Mr. Reilly, a conservative in the information
agency's policy division — essentially, the
government's editorial page — was named last week to
replace the acting director, Myrna R.
Whitworth. (His appointment is expected to win quick
approval by the board of broadcasting
governors.)

In staff meetings and a later interview, he said, "I
would not allow the integrity of our news
operation to be compromised." To do so, he said,
"would be a devastating blow to the public
diplomacy of the United States and a squandering of
the fund of trust that has been developed
over the decades in our overseas audiences, who turn
to V.O.A. for accurate and objective news."
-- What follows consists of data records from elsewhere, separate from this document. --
(* Let $N=\{1,\dots,n\}$, $n\ge2$, be a parallel-link network with unit demand and affine latencies $\ell_i(x_i)=a_ix_i+b_i$, $a_i>0$, $b_i\ge0$, and suppose $x_i(0)>0$ for all $i\in N$. Let $c\in\mathbb{R}_+$. For $t\in\mathbb{R}^N_+$ and a flow $x$, we have that $t\in\mathcal{T}(c)$ and $x=x(t)$ if and only if there exists $K\in\mathbb{R}$ such that (1) $a_ix_i+b_i+t_i=K$ for all $i\in N$; (2) $\sum_{i\in N}x_i=1$; (3) $t_i=\min\left\{\left(a_i+\frac{1}{\sum_{j\neq i}1/a_j}\right)x_i,\;c\right\}$ for all $i\in N$; (4) $x_i>0$ for all $i\in N$.
   Context: Parallel links $N$ from source to destination, one unit of flow; a flow is $x\in\mathbb{R}^N_+$ with $\sum_ix_i=1$. For tolls $t\in\mathbb{R}^N_+$, $x(t)$ denotes the unique Wardrop equilibrium for $t$: for all $i,j$ with $x_i>0$, $\ell_i(x_i)+t_i\le \ell_j(x_j)+t_j$; $x(0)$ is the untolled one. Profit $\Pi_i(t)=t_ix_i(t)$. $\mathcal{T}(c)$ is the set of $c$-capped subgame perfect Nash equilibria: toll vectors $t$ with $0\le t_i\le c$ for all $i$ such that for every $i$ and every $t'_i\in[0,c]$, $\Pi_i(t_i,t_{-i})\ge\Pi_i(t'_i,t_{-i})$ (flow recomputed as the Wardrop equilibrium). *)

From Stdlib Require Import Reals Lra Arith.
Open Scope R_scope.

(* Links are indexed 0..n-1; vectors are functions nat -> R (values at
   indices >= n are irrelevant). *)

Definition sumN (n : nat) (f : nat -> R) : R := sum_f_R0 f (pred n).

Definition is_flow (n : nat) (x : nat -> R) : Prop :=
  (forall i, (i < n)%nat -> 0 <= x i) /\ sumN n x = 1.

Definition lat (a b : nat -> R) (i : nat) (y : R) : R := a i * y + b i.

Definition wardrop (n : nat) (a b t x : nat -> R) : Prop :=
  is_flow n x /\
  forall i j, (i < n)%nat -> (j < n)%nat -> 0 < x i ->
    lat a b i (x i) + t i <= lat a b j (x j) + t j.

Definition upd (t : nat -> R) (i : nat) (s : R) : nat -> R :=
  fun k => if Nat.eq_dec k i then s else t k.

(* t is a c-capped subgame perfect Nash equilibrium (t in T(c)).
   Profits are computed at the (unique) Wardrop equilibria. *)
Definition capped_SPNE (n : nat) (a b : nat -> R) (c : R) (t : nat -> R) : Prop :=
  (forall i, (i < n)%nat -> 0 <= t i <= c) /\
  forall i, (i < n)%nat -> forall s, 0 <= s <= c ->
    forall x x', wardrop n a b t x -> wardrop n a b (upd t i s) x' ->
      s * x' i <= t i * x i.

From Stdlib Require Import Reals Lra Lia Classical FunctionalExtensionality.
Open Scope R_scope.

(* If link [i] raises its toll from [t i] to [s] while the others keep theirs, at
   least [(s - t i) / P_i] units of flow leave it, where
   [P_i = a i + 1 / sum_(j <> i) 1 / a j] ([inv_demand_slope]): the displaced flow
   spreads over the other links in proportion to [1 / a j]. When every link stays
   used this is exact, so near an equilibrium where all links are used, link [i]
   faces the linear demand [x i - (s - t i) / P_i], whose revenue under the cap [c]
   is maximized exactly at [min (P_i x i, c)]. All links are used at an SPNE
   because an unused link could charge a small positive toll and still attract
   flow: the equilibrium cost level only rises with the tolls, and it lies above
   [b i] since [i] is used without tolls. *)

Definition mask (f : nat -> R) (i : nat) : nat -> R :=
  fun j => if Nat.eq_dec j i then 0 else f j.

Lemma sum_f_R0_split (f : nat -> R) (N i : nat) :
  (i <= N)%nat -> sum_f_R0 f N = f i + sum_f_R0 (mask f i) N.
Proof.
  induction N as [|N IH]; intros Hi; simpl.
  - replace i with 0%nat by lia. unfold mask; destruct (Nat.eq_dec 0 0); [lra | congruence].
  - destruct (Nat.eq_dec i (S N)) as [->|Hne].
    + rewrite (sum_eq (mask f (S N)) f).
      * unfold mask; destruct (Nat.eq_dec (S N) (S N)); [lra|congruence].
      * intros j Hj; unfold mask; destruct (Nat.eq_dec j (S N)); [lia|reflexivity].
    + rewrite IH by lia.
      replace (mask f i (S N)) with (f (S N)); [lra|].
      unfold mask; destruct (Nat.eq_dec (S N) i); [lia | reflexivity].
Qed.

Lemma continuity_sum_f_R0 (g : nat -> R -> R) (N : nat) :
  (forall j, continuity (g j)) -> continuity (fun y => sum_f_R0 (fun j => g j y) N).
Proof.
  intros Hg; induction N as [|N IH]; simpl; [apply Hg|].
  exact (continuity_plus _ _ IH (Hg (S N))).
Qed.

Lemma continuity_Rmax0 (f : R -> R) : continuity f -> continuity (fun y => Rmax 0 (f y)).
Proof.
  intros Hf.
  replace (fun y => Rmax 0 (f y)) with (fun y => / 2 * (f y + Rabs (f y))).
  - apply continuity_scal, continuity_plus; [exact Hf|].
    exact (continuity_comp _ Rabs Hf Rcontinuity_abs).
  - apply functional_extensionality; intros y.
    unfold Rmax, Rabs; destruct (Rle_dec 0 (f y)), (Rcase_abs (f y)); lra.
Qed.

Lemma exists_pos_lower_bound (n : nat) (x : nat -> R) :
  (forall j, (j < n)%nat -> 0 < x j) ->
  exists mu, 0 < mu /\ forall j, (j < n)%nat -> mu <= x j.
Proof.
  induction n as [|n IH]; intros Hx.
  - exists 1; split; [lra | intros; lia].
  - destruct IH as (mu & Hmu & Hle); [intros; apply Hx; lia|].
    exists (Rmin mu (x n)); split; [apply Rmin_glb_lt; auto|].
    intros j Hj; destruct (Nat.eq_dec j n) as [->|Hne]; [apply Rmin_r|].
    eapply Rle_trans; [apply Rmin_l | apply Hle; lia].
Qed.

Lemma linear_revenue_gap (P x t s : R) :
  P <> 0 -> s * (x - (s - t) / P) - t * x = (s - t) * (P * x - s) / P.
Proof. intros; field; assumption. Qed.

(* Under the linear demand [s |-> x - (s - t) / P], the revenue-maximizing price
   capped at [c] is [Rmin (P * x) c]; the next two lemmas give the global and the
   local version of this. *)
Lemma capped_linear_revenue_max (P x c s : R) :
  0 < P -> 0 <= s <= c ->
  s * (x - (s - Rmin (P * x) c) / P) <= Rmin (P * x) c * x.
Proof.
  intros HP Hs. set (t := Rmin (P * x) c).
  assert (Hgap : (s - t) * (P * x - s) <= 0).
  { unfold t, Rmin; destruct (Rle_dec (P * x) c).
    - pose proof (Rle_0_sqr (s - P * x)); unfold Rsqr in *; lra.
    - assert (0 <= c - s) by lra; assert (0 <= P * x - s) by lra; nra. }
  pose proof (linear_revenue_gap P x t s ltac:(lra)).
  assert ((s - t) * (P * x - s) / P <= 0); [|lra].
  unfold Rdiv; assert (0 < / P) by (apply Rinv_0_lt_compat; lra). nra.
Qed.

Lemma capped_linear_revenue_local_max (P x c t delta : R) :
  0 < P -> 0 < x -> 0 < delta -> 0 <= t <= c ->
  (forall s, 0 <= s <= c -> t - delta <= s <= t + delta ->
     s * (x - (s - t) / P) <= t * x) ->
  t = Rmin (P * x) c.
Proof.
  intros HP Hx Hdelta Ht Hopt.
  assert (Hprofitable : forall s, 0 <= s <= c -> t - delta <= s <= t + delta ->
            0 < (s - t) * (P * x - s) -> False).
  { intros s Hs Hsd Hpos. specialize (Hopt s Hs Hsd).
    pose proof (linear_revenue_gap P x t s ltac:(lra)).
    assert (0 < (s - t) * (P * x - s) / P); [|lra].
    unfold Rdiv; apply Rmult_lt_0_compat; [lra | apply Rinv_0_lt_compat; lra]. }
  assert (Hup : t < c -> P * x <= t).
  { intros Htc; destruct (Rle_or_lt (P * x) t) as [|Hlt]; [assumption|exfalso].
    set (m := Rmin (Rmin c (P * x)) (t + delta)).
    assert (Hm : t < m) by (apply Rmin_glb_lt; [apply Rmin_glb_lt|]; lra).
    pose proof (Rmin_l (Rmin c (P * x)) (t + delta)).
    pose proof (Rmin_r (Rmin c (P * x)) (t + delta)).
    pose proof (Rmin_l c (P * x)); pose proof (Rmin_r c (P * x)).
    apply (Hprofitable ((t + m) / 2)); try split; unfold m in *; try lra.
    apply Rmult_lt_0_compat; lra. }
  assert (Hdown : 0 < t -> t <= P * x).
  { intros Htp; destruct (Rle_or_lt t (P * x)) as [|Hlt]; [assumption|exfalso].
    set (m := Rmax (Rmax 0 (P * x)) (t - delta)).
    assert (Hm : m < t) by (apply Rmax_lub_lt; [apply Rmax_lub_lt|]; lra).
    pose proof (Rmax_l (Rmax 0 (P * x)) (t - delta)).
    pose proof (Rmax_r (Rmax 0 (P * x)) (t - delta)).
    pose proof (Rmax_l 0 (P * x)); pose proof (Rmax_r 0 (P * x)).
    apply (Hprofitable ((t + m) / 2)); try split; unfold m in *; try lra.
    nra. }
  assert (0 < P * x) by (apply Rmult_lt_0_compat; lra).
  unfold Rmin; destruct (Rle_dec (P * x) c); destruct (Rlt_or_le t c) as [Htc|Htc].
  - pose proof (Hup Htc); pose proof (Hdown ltac:(lra)); lra.
  - pose proof (Hdown ltac:(lra)); lra.
  - pose proof (Hup Htc); lra.
  - lra.
Qed.

Lemma upd_eq (t : nat -> R) (i : nat) (s : R) : upd t i s i = s.
Proof. unfold upd; destruct (Nat.eq_dec i i); congruence. Qed.

Lemma upd_neq (t : nat -> R) (i j : nat) (s : R) : j <> i -> upd t i s j = t j.
Proof. intros; unfold upd; destruct (Nat.eq_dec j i); congruence. Qed.

Section Network.

Variable n : nat.
Hypothesis n_pos : (0 < n)%nat.

Lemma sumN_ext (f g : nat -> R) :
  (forall j, (j < n)%nat -> f j = g j) -> sumN n f = sumN n g.
Proof. intros H; apply sum_eq; intros; apply H; lia. Qed.

Lemma sumN_le (f g : nat -> R) :
  (forall j, (j < n)%nat -> f j <= g j) -> sumN n f <= sumN n g.
Proof. intros H; apply sum_Rle; intros; apply H; lia. Qed.

Lemma sumN_0 : sumN n (fun _ => 0) = 0.
Proof. unfold sumN; rewrite sum_cte; ring. Qed.

Lemma sumN_plus (f g : nat -> R) : sumN n (fun j => f j + g j) = sumN n f + sumN n g.
Proof. apply plus_sum. Qed.

Lemma sumN_scal (f : nat -> R) (k : R) : sumN n (fun j => k * f j) = k * sumN n f.
Proof. unfold sumN; rewrite scal_sum; apply sum_eq; intros; ring. Qed.

Lemma sumN_split (f : nat -> R) (i : nat) :
  (i < n)%nat -> sumN n f = f i + sumN n (mask f i).
Proof. intros; apply sum_f_R0_split; lia. Qed.

Lemma sumN_mask_le (f g : nat -> R) (i : nat) :
  (forall j, (j < n)%nat -> j <> i -> f j <= g j) ->
  sumN n (mask f i) <= sumN n (mask g i).
Proof.
  intros H; apply sumN_le; intros j Hj; unfold mask.
  destruct (Nat.eq_dec j i); [lra | auto].
Qed.

Lemma sumN_ge_term (f : nat -> R) (k : nat) :
  (k < n)%nat -> (forall j, (j < n)%nat -> 0 <= f j) -> f k <= sumN n f.
Proof.
  intros Hk H; rewrite (sumN_split f k Hk).
  pose proof (sumN_mask_le (fun _ => 0) f k (fun j Hj _ => H j Hj)) as Hm.
  rewrite (sumN_ext (mask (fun _ => 0) k) (fun _ => 0)), sumN_0 in Hm; [lra|].
  intros j _; unfold mask; destruct (Nat.eq_dec j k); reflexivity.
Qed.

Lemma sumN_lt (f g : nat -> R) (k : nat) :
  (k < n)%nat -> (forall j, (j < n)%nat -> f j <= g j) -> f k < g k ->
  sumN n f < sumN n g.
Proof.
  intros Hk Hle Hlt; rewrite (sumN_split f k Hk), (sumN_split g k Hk).
  pose proof (sumN_mask_le f g k (fun j Hj _ => Hle j Hj)); lra.
Qed.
The words, which Mr. Reilly used at a staff meeting
and repeated in the interview, were
welcomed by the journalists. But some expressed
concern about a 20-year-old memo reflecting
Mr. Reilly's onetime view of V.O.A. The memo, written
to Charles Z. Wick, the Reagan-era
head of the United States Information Agency,
concluded, "It is time we recaptured the words
`balance' and `objectivity' from the rhetorical
excesses of the left and re-established them to stand
for the full truth about this country — the last and
best hope of freedom in the world."

Asked about the memo last week, Mr. Reilly said:
"It's a wonderful document of the cold war
era. This is a different war and a different era."
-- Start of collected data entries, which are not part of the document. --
(* Let $K$ be a field and let $T$ be a tree with at least two edges. Then there is a monomial order such that the cut ideal $I_T$ has a quadratic squarefree Gröbner basis. In particular, the corresponding initial ideal is squarefree.
   Context: For a finite simple graph $G$ with vertex set $V(G)$ and edge set $E(G)$, an unordered partition $A|B$ of $V(G)$ (into two sets, one of which may be empty) defines the cut $Cut(A|B)$, the set of edges with one endpoint in $A$ and the other in $B$. The cut ideal $I_G$ is the kernel of the $K$-algebra homomorphism $\phi_G: K[q_{A|B} : A|B \text{ unordered partition of } V(G)] \to K[s_{ij}, t_{ij} : \{i,j\} \in E(G)]$, $q_{A|B} \mapsto \prod_{\{i,j\}\in Cut(A|B)} s_{ij} \prod_{\{i,j\}\in E(G)\setminus Cut(A|B)} t_{ij}$. A squarefree Gröbner basis is a Gröbner basis consisting of binomials, each a difference of two squarefree monomials; quadratic means each binomial has degree two. *)

From HB Require Import structures.
From mathcomp Require Import all_boot all_order all_algebra.
From mathcomp Require Export mpoly.
Set Implicit Arguments. Unset Strict Implicit. Unset Printing Implicit Defensive.
Import Order.TTheory GRing.Theory.
Local Open Scope ring_scope.

Definition simple_graph (V : finType) (E : rel V) : Prop :=
  ssrbool.symmetric E /\ ssrbool.irreflexive E.

Definition edges (V : finType) (E : rel V) : {set {set V}} :=
  [set [set x; y] | x in V, y in V & E x y].

Definition connected_graph (V : finType) (E : rel V) : Prop :=
  forall x y : V, connect E x y.

Definition acyclic_graph (V : finType) (E : rel V) : Prop :=
  forall c : seq V, ucycle E c -> (size c < 3)%N.

Definition is_tree (V : finType) (E : rel V) : Prop :=
  simple_graph E /\ connected_graph E /\ acyclic_graph E.

(* an unordered partition A|B of V (one block possibly empty) is the
   unordered pair {A, V \ A} *)
Definition is_upart (V : finType) (P : {set {set V}}) : bool :=
  [exists A : {set V}, P == [set A; ~: A]].

Definition upart (V : finType) := {P : {set {set V}} | is_upart P}.

Definition in_cut (V : finType) (P : upart V) (e : {set V}) : bool :=
  [exists A in val P, [exists i in e, [exists j in e, (i \in A) && (j \notin A)]]].

Definition edge_t (V : finType) (E : rel V) := {e : {set V} | e \in edges E}.

(* source ring K[q_{A|B}] : one variable per unordered partition *)
Definition qring (K : fieldType) (V : finType) := {mpoly K[#|{: upart V}|]}.
(* target ring K[s_e, t_e : e in E(G)] : variables indexed by edge + edge,
   inl e = s_e, inr e = t_e *)
Definition string (K : fieldType) (V : finType) (E : rel V) :=
  {mpoly K[#|{: (edge_t E + edge_t E)%type}|]}.

Definition s_var (K : fieldType) (V : finType) (E : rel V) (e : edge_t E)
  : string K E := 'X_(enum_rank (inl e : (edge_t E + edge_t E)%type)).
Definition t_var (K : fieldType) (V : finType) (E : rel V) (e : edge_t E)
  : string K E := 'X_(enum_rank (inr e : (edge_t E + edge_t E)%type)).

Definition phi_q (K : fieldType) (V : finType) (E : rel V)
  (i : 'I_#|{: upart V}|) : string K E :=
  let P := enum_val i in
  \prod_(e : edge_t E) (if in_cut P (val e) then s_var K e else t_var K e).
But some are still willing to make the same case.
Representative Ileana Ros-Lehtinen, the Florida
Republican who is chairwoman of the subcommittee on
International Operations and Human
Rights, said of V.O.A. broadcasts, "If we turn this
into a PBS documentary — seesawing on
every side and being balanced — that's not promoting
democracy."

One of the most visible critics of the agency has
been the New York Times columnist William
Safire, who has urged the creation of a Radio Free
Afghanistan.

Questions of objectivity have always dogged the Voice
of America because it is a government
agency and because its foreign-language services have
always had to deal with echoes of
homeland conflicts when they recruited broadcasters
multiethnic states.

For years, broadcasts in Pashto, the language of
Afghanistan's central region, from which the
Taliban emerged, have been attacked as pro- Taliban
by followers of the Northern Alliance. The
rebel coalition is dominated by ethnic Tajiks, for
whom the V.O.A. broadcasts in Dari.

In 1999, a Pashto reporter fanned claims of bias when
he disrupted a news conference, yelling at
young women who had recently left Afghanistan and
were discussing their physical and
psychological oppression by the Taliban. The
reporter, who loudly accused the women of lying,
was disciplined by V.O.A. officials.

Both Mr. deNesnera and the agency's former director,
Sanford J. Ungar, now president of
Goucher College in Maryland, praised the overall work
of the Pashto service. "It does a good job
under very difficult circumstances," Mr. Ungar said.

The service's contacts with the Taliban government
gained it the interview with the Taliban
leader. Its critics within the V.O.A. quickly let the
State Department know. Within two hours,
members of the board of broadcasting governors were
hearing the State Department arguments
that the mullah's words should not be aired. Divided,
the board did nothing.

Four days later, the V.O.A. defied the diplomats and
broadcast parts of the interview. Asked
Friday if the service should be free to interview
anyone, its prospective director, Mr. Reilly, said:
"Of course. That's part of a journalist's job." But,
he added, "Andre and I will insist equally that
those interviews be placed in a broader context."